▸ Exercise directions
Respond with nothing but the number of lines in this data that include the word "mcard".

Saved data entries
- - - -
(* Let $k,n\in\mathbb{N}$, $N=\{0,\dots,k\}$, and let $\mathcal{M}_n(N)$ be the set of multisets of cardinality $n$ with elements in $N$. For $x\in\mathcal{M}_n(N)$ let $\overrightarrow{x}$ be the non-decreasing sequence of length $n$ listing the elements of $x$, and let $m=(k,k,\dots,k)$ (length $n$). Define $\rho(x)=\mathrm{rank}(m-\overrightarrow{x})$, where $m-\overrightarrow{x}$ is the entrywise difference (a non-increasing sequence over $N$) and $\mathrm{rank}(x_1,\dots,x_n)=\sum_{i=1}^n\binom{n+x_i-i}{x_i-1}$ (with $\binom{a}{-1}=0$). Then $\rho$ is a bijection from $\mathcal{M}_n(N)$ onto an initial segment $\{0,\dots,|\mathcal{M}_n(N)|-1\}$ of $\mathbb{N}_0$ such that for all $x,y\in\mathcal{M}_n(N)$: $x$ is strictly fairer than $y$ (in the maximization sense) iff $\rho(x)<\rho(y)$.
   Context: Max-min fair comparison for maximization: $x$ is strictly fairer than $y$ iff $\overrightarrow{y}<_{\mathrm{lex}}\overrightarrow{x}$, where $<_{\mathrm{lex}}$ is the strict lexicographic order on sequences of length $n$. *)

From mathcomp Require Import all_boot.
Set Implicit Arguments. Unset Strict Implicit. Unset Printing Implicit Defensive.

(* A multiset over N = {0,..,k} (k given as the ordinal type 'I_k.+1) is given
   by its multiplicity function.  Multiplicities of a multiset of cardinality n
   are at most n, so we take them in 'I_n.+1 to obtain a finite type. *)
Definition mset (k n : nat) := {ffun 'I_k.+1 -> 'I_n.+1}.

Definition mcard k n (x : mset k n) : nat := \sum_(i < k.+1) (x i : nat).

Definition Mn (k n : nat) : {set mset k n} := [set x | mcard x == n].

Definition melems k n (x : mset k n) : seq nat :=
  flatten [seq nseq (x i) (i : nat) | i <- enum 'I_k.+1].

Definition vec k n (x : mset k n) : seq nat := sort leq (melems x).

Definition binm1 (a b : nat) : nat := if b == 0 then 0 else 'C(a, b.-1).

(* rank (x_1,...,x_n) = sum_{i=1}^n binom(n + x_i - i, x_i - 1);
   here the 0-indexed position j corresponds to i = j+1 *)
Definition rank (s : seq nat) : nat :=
  \sum_(j < size s) binm1 (size s + nth 0 s j - j.+1) (nth 0 s j).

Definition rho k n (x : mset k n) : nat := rank [seq k - a | a <- vec x].

Definition ltlex (s t : seq nat) : Prop :=
  exists i, [/\ i < size s, i < size t,
                (forall j, j < i -> nth 0 s j = nth 0 t j) & nth 0 s i < nth 0 t i].

(* max-min fairness: x strictly fairer than y iff vec y <lex vec x *)
Definition fairer k n (x y : mset k n) : Prop := ltlex (vec y) (vec x).

From mathcomp Require Import all_boot zify.

Set Implicit Arguments.
Unset Strict Implicit.
Unset Printing Implicit Defensive.

(* Complementing every entry, [s |-> map (subn k) s], turns the
   non-decreasing listing [vec x] of a multiset x into a non-increasing
   sequence bounded by k, reverses the lexicographic order, and is a
   bijection between M_n(N) and the non-increasing sequences of length n with
   entries at most k.  The theorem is thus the combinatorial number system:
   - [rank] of a non-increasing sequence [v :: s] with entries <= b splits as
     'C(size s + v, (size s).+1) + rank s, and rank s < 'C(size s + b, size s);
     hence [rank] is strictly lexicographically monotone on such sequences
     (the tail can never make up one step of the head term), and greedily
     choosing the head term shows it reaches every value below 'C(n + b, n);
   - the lexicographic order is total, so monotonicity yields injectivity and
     the order equivalence, and injectivity plus surjectivity onto an initial
     segment yields #|M_n(N)| = 'C(n + k, n). *)

(* Non-increasing sequences bounded by b are exactly the [geq]-paths from b. *)
Notation noninc_le b s := (path geq b s).

Lemma noninc_le_bound b s : noninc_le b s -> all (fun a => a <= b) s.
Proof. by apply: order_path_min => a c d /= le_ac le_da; exact: leq_trans le_da le_ac. Qed.

Definition head_rank (m v : nat) : nat := 'C(m + v, m.+1).

Lemma rank_cons v s : rank (v :: s) = head_rank (size s) v + rank s.
Proof.
rewrite /rank /= big_ord_recl /=; congr (_ + _).
rewrite /binm1 /head_rank; case: v => [|u] /=; first by rewrite addn0 bin_small.
rewrite -(@bin_sub (size s + u.+1) (size s).+1); last by lia.
by congr 'C(_, _); lia.
Qed.

Lemma head_rankS m v : head_rank m v.+1 = head_rank m v + 'C(m + v, m).
Proof. by rewrite /head_rank addnS binS. Qed.

Lemma head_rank0 m : head_rank m 0 = 0.
Proof. by rewrite /head_rank addn0 bin_small. Qed.

(* The ranks of the non-increasing sequences bounded by b lie below
   'C(size s + b, size s), the number of such sequences. *)
Lemma rank_lt_bin b s : noninc_le b s -> rank s < 'C(size s + b, size s).
Proof.
elim: s b => [|v s IHs] b /=; first by rewrite /rank big_ord0 bin0.
case/andP => le_vb path_s; rewrite rank_cons.
have step : head_rank (size s) v + rank s < head_rank (size s) v.+1.
  by rewrite head_rankS ltn_add2l IHs.
by apply: (leq_trans step); rewrite /head_rank; apply: leq_bin2l; lia.
Qed.

(* Strict lexicographic order as a boolean fixpoint; a sequence is never
   below one of its extensions, exactly as for [ltlex]. *)
Fixpoint lexlt (s t : seq nat) : bool :=
  match s, t with
  | a :: s', b :: t' => (a < b) || ((a == b) && lexlt s' t')
  | _, _ => false
  end.

Lemma ltlexP s t : ltlex s t <-> lexlt s t.
Proof.
elim: s t => [|a s IHs] [|b t] /=; try by split => // [[i []]].
split.
  case=> [[|i]] [/= lt_is lt_it eq_pre lt_i]; first by rewrite lt_i.
  have /= eq_ab := eq_pre 0 isT; subst b.
  rewrite ltnn eqxx /=; apply/IHs; exists i; split => // j lt_ji.
  exact: (eq_pre j.+1).
case/orP => [lt_ab | /andP [/eqP eq_ab lt_st]]; first by exists 0; split.
subst b; case/IHs: lt_st => i [lt_is lt_it eq_pre lt_i].
by exists i.+1; split => // -[].
Qed.

Lemma lexlt_total s t : size s = size t -> s != t -> lexlt s t || lexlt t s.
Proof.
elim: s t => [|a s IHs] [|b t] //= [eq_size] neq_st.
case: (ltngtP a b) => //= eq_ab; subst b.
by apply: IHs => //; apply: contraNneq neq_st => ->.
Qed.

Lemma lexlt_compl k s t : all (fun a => a <= k) s -> all (fun a => a <= k) t ->
  lexlt s t = lexlt (map (subn k) t) (map (subn k) s).
Proof.
elim: s t => [|a s IHs] [|b t] //= /andP [le_ak all_s] /andP [le_bk all_t].
rewrite -IHs //; congr (_ || (_ && _)); first by apply/idP/idP; lia.
by apply/eqP/eqP; lia.
Qed.

Lemma rank_mono b s t : size s = size t -> noninc_le b s -> noninc_le b t ->
  lexlt s t -> rank s < rank t.
Proof.
elim: s t b => [|v s IHs] [|w t] b //= [eq_size] /andP [_ path_s] /andP [_ path_t].
rewrite !rank_cons -eq_size => /orP [lt_vw | /andP [/eqP eq_vw lt_st]].
  apply: (@leq_trans (head_rank (size s) v.+1)).
    by rewrite head_rankS ltn_add2l rank_lt_bin.
  apply: leq_trans (leq_addr _ _); rewrite /head_rank; apply: leq_bin2l; lia.
by subst w; rewrite ltn_add2l (IHs t v).
Qed.

Lemma bracket (f : nat -> nat) b r : f 0 = 0 -> r < f b.+1 ->
  exists v, [/\ v <= b, f v <= r & r < f v.+1].
Proof.
move=> f0; elim: b => [|b IHb] lt_r; first by exists 0; rewrite f0.
case: (ltnP r (f b.+1)) => [/IHb [v [le_vb ? ?]]|le_r]; last by exists b.+1.
by exists v; split => //; lia.
Qed.

(* Every value below 'C(n + b, n) is the rank of a non-increasing sequence of
   length n bounded by b: choose the head greedily, then recurse on the rest. *)
Lemma rank_surj n b r : r < 'C(n + b, n) ->
  exists s, [/\ size s = n, noninc_le b s & rank s = r].
Proof.
elim: n b r => [|n IHn] b r.
  rewrite bin0 ltnS leqn0 => /eqP ->; exists [::]; split => //.
  by rewrite /rank big_ord0.
move=> lt_r.
have lt_head : r < head_rank n b.+1.
  by move: lt_r; rewrite /head_rank; congr (_ < 'C(_, _)); lia.
have [v [le_vb le_hr lt_hr]] := bracket (head_rank0 n) lt_head.
have : r - head_rank n v < 'C(n + v, n) by move: lt_hr; rewrite head_rankS; lia.
case/IHn => t [size_t path_t rank_t].
exists (v :: t); split => /=; [by rewrite size_t | by rewrite le_vb |].
by rewrite rank_cons size_t rank_t; lia.
Qed.

Lemma compl_noninc k b s : sorted leq s -> all (fun a => k - a <= b) s ->
  noninc_le b (map (subn k) s).
Proof.
elim: s b => [|a s IHs] b //= sorted_as /andP [le_ab all_s]; rewrite le_ab /=.
apply: IHs; first exact: path_sorted sorted_as.
apply/allP => c c_in; have /allP /(_ c c_in) := order_path_min leq_trans sorted_as.
by rewrite /=; lia.
Qed.

Section MultisetEncoding.

Variables k n : nat.
Implicit Types x y : mset k n.

Lemma count_melems x (a : nat) :
  count_mem a (melems x) = if insub a is Some i then (x i : nat) else 0.
Proof.
rewrite /melems count_flatten -map_comp sumnE big_map.
under eq_bigr => j _ do rewrite /= count_nseq /=.
case: insubP => [i _ <-|not_lt_a].
  rewrite big_enum /= (bigD1 i) //= eqxx mul1n big1 ?addn0 // => j neq_ji.
  by case: eqP => // /val_inj eq_ji; rewrite eq_ji eqxx in neq_ji.
rewrite big1 // => j _; case: eqP => [eq_ja|] //.
by rewrite -eq_ja ltn_ord in not_lt_a.
Qed.

Lemma size_melems x : size (melems x) = mcard x.
Proof.
rewrite /melems /mcard size_flatten /shape -map_comp sumnE big_map big_enum /=.
by apply: eq_bigr => i _; rewrite size_nseq.
Qed.

Lemma perm_vec x : perm_eq (vec x) (melems x).
Proof. by rewrite /vec perm_sort. Qed.

Lemma vec_inj : injective (@vec k n).
Proof.
move=> x y eq_xy; apply/ffunP => i; apply: val_inj => /=.
have count_vec (z : mset k n) : count_mem (i : nat) (vec z) = z i.
  by rewrite (permP (perm_vec z)) count_melems valK.
by rewrite -count_vec eq_xy count_vec.
Qed.

Lemma vec_bound x : all (fun a => a <= k) (vec x).
Proof.
apply/allP => a; rewrite (perm_mem (perm_vec x)) => a_in.
apply/negPn/negP => not_le_ak.
have : count_mem a (melems x) = 0 by rewrite count_melems insubN.
by move/count_memPn; rewrite a_in.
Qed.

Definition cvec x : seq nat := map (subn k) (vec x).

Lemma size_cvec x : x \in Mn k n -> size (cvec x) = n.
Proof. by rewrite inE => /eqP <-; rewrite size_map size_sort size_melems. Qed.

Lemma cvec_noninc x : noninc_le k (cvec x).
Proof.
apply: compl_noninc; first exact: (sort_sorted leq_total).
by apply/allP => a _; exact: leq_subr.
Qed.

(* Complementing twice gives back the listing, since its entries are <= k. *)
Lemma compl_cvec x : map (subn k) (cvec x) = vec x.
Proof.
rewrite -map_comp -[RHS]map_id; apply/eq_in_map => a a_in /=.
by have /allP /(_ a a_in) := vec_bound x; lia.
Qed.

Lemma cvec_inj : injective cvec.
Proof. by move=> x y eq_xy; apply: vec_inj; rewrite -!compl_cvec eq_xy. Qed.

(* Every non-increasing sequence of length n bounded by k encodes a multiset:
   take as multiplicity of i its number of occurrences after complementing. *)
Lemma cvec_surj s : size s = n -> noninc_le k s ->
  exists2 x, x \in Mn k n & cvec x = s.
Proof.
move=> size_s path_s; set t := map (subn k) s.
have count_t (i : 'I_k.+1) : count_mem (i : nat) t < n.+1.
  by rewrite ltnS -size_s -(size_map (subn k)) count_size.
pose x : mset k n := [ffun i => Ordinal (count_t i)].
have perm_t : perm_eq (melems x) t.
  apply/allP => a _; apply/eqP; rewrite count_melems.
  case: insubP => [i _ <-|not_lt_a]; first by rewrite ffunE.
  apply/esym/count_memPn; apply: contra not_lt_a => /mapP [c _ ->] /=; lia.
have vec_x : vec x = t.
  apply: (sorted_eq leq_trans anti_leq); first exact: (sort_sorted leq_total).
    by apply: homo_sorted (path_sorted path_s) => a c /=; exact: leq_sub2l.
  exact: perm_trans (perm_vec x) perm_t.
exists x; first by rewrite inE -size_melems (perm_size perm_t) size_map size_s.
rewrite /cvec vec_x /t -map_comp -[RHS]map_id; apply/eq_in_map => a a_in /=.
by have /allP /(_ a a_in) := noninc_le_bound path_s; lia.
Qed.

Lemma fairer_cvec x y : fairer x y <-> lexlt (cvec x) (cvec y).
Proof. by rewrite /fairer ltlexP (lexlt_compl (vec_bound y) (vec_bound x)). Qed.

Lemma rho_mono x y : x \in Mn k n -> y \in Mn k n ->
  lexlt (cvec x) (cvec y) -> rho x < rho y.
Proof.
move=> x_in y_in; apply: (rank_mono (b := k)); rewrite ?cvec_noninc //.
by rewrite !size_cvec.
Qed.

Lemma cvec_total x y : x \in Mn k n -> y \in Mn k n -> x != y ->
  lexlt (cvec x) (cvec y) || lexlt (cvec y) (cvec x).
Proof.
move=> x_in y_in neq_xy; apply: lexlt_total; first by rewrite !size_cvec.
by apply: contra neq_xy => /eqP /cvec_inj ->.
Qed.

Lemma rho_inj : {in Mn k n &, injective (@rho k n)}.
Proof.
move=> x y x_in y_in eq_rho; apply/eqP/negPn/negP => /(cvec_total x_in y_in).
by case/orP => [/(rho_mono x_in y_in) | /(rho_mono y_in x_in)]; rewrite eq_rho ltnn.
Qed.

Lemma fairer_rho x y : x \in Mn k n -> y \in Mn k n ->
  fairer x y <-> rho x < rho y.
Proof.
move=> x_in y_in; rewrite fairer_cvec; split; first exact: rho_mono.
move=> lt_rho; have [eq_xy|neq_xy] := eqVneq x y; first by rewrite eq_xy ltnn in lt_rho.
case/orP: (cvec_total x_in y_in neq_xy) => // /(rho_mono y_in x_in).
by rewrite ltnNge (ltnW lt_rho).
Qed.

Lemma rho_lt_bin x : x \in Mn k n -> rho x < 'C(n + k, n).
Proof.
by move=> x_in; have := rank_lt_bin (cvec_noninc x); rewrite size_cvec.
Qed.

Lemma rho_surj r : r < 'C(n + k, n) -> exists2 x, x \in Mn k n & rho x = r.
Proof.
case/rank_surj => s [size_s path_s rank_s].
by have [x x_in cvec_x] := cvec_surj size_s path_s; exists x; rewrite // /rho -rank_s -cvec_x.
Qed.

End MultisetEncoding.

Lemma card_onto_iota (T : finType) (A : {set T}) (f : T -> nat) (N : nat) :
  {in A &, injective f} -> (forall x, x \in A -> f x < N) ->
  (forall r, r < N -> exists2 x, x \in A & f x = r) -> #|A| = N.
Proof.
move=> inj_f lt_f onto_f.
have uniq_f : uniq (map f (enum A)).
  by rewrite map_inj_in_uniq ?enum_uniq // => x y; rewrite !mem_enum; exact: inj_f.
have mem_f : map f (enum A) =i iota 0 N.
  move=> r; rewrite mem_iota add0n; apply/mapP/idP.
    by case=> x; rewrite mem_enum => x_in ->; exact: lt_f.
  by case/onto_f => x x_in <-; exists x; rewrite ?mem_enum.
by rewrite cardE -(size_map f) (perm_size (uniq_perm uniq_f (iota_uniq 0 N) mem_f)) size_iota.
Qed.

Theorem theorem4 (k n : nat) :
  [/\ (forall x, x \in Mn k n -> rho x < #|Mn k n|),
      {in Mn k n &, injective (@rho k n)},
      (forall r, r < #|Mn k n| -> exists2 x, x \in Mn k n & rho x = r)
    & {in Mn k n &, forall x y, fairer x y <-> rho x < rho y}].
Proof.
have card_Mn : #|Mn k n| = 'C(n + k, n).
  exact: card_onto_iota (@rho_inj k n) (@rho_lt_bin k n) (@rho_surj k n).
rewrite card_Mn; split.
- exact: rho_lt_bin.
- exact: rho_inj.
- exact: rho_surj.
- exact: fairer_rho.
Qed.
- - - -
▸ Solution to the problem
4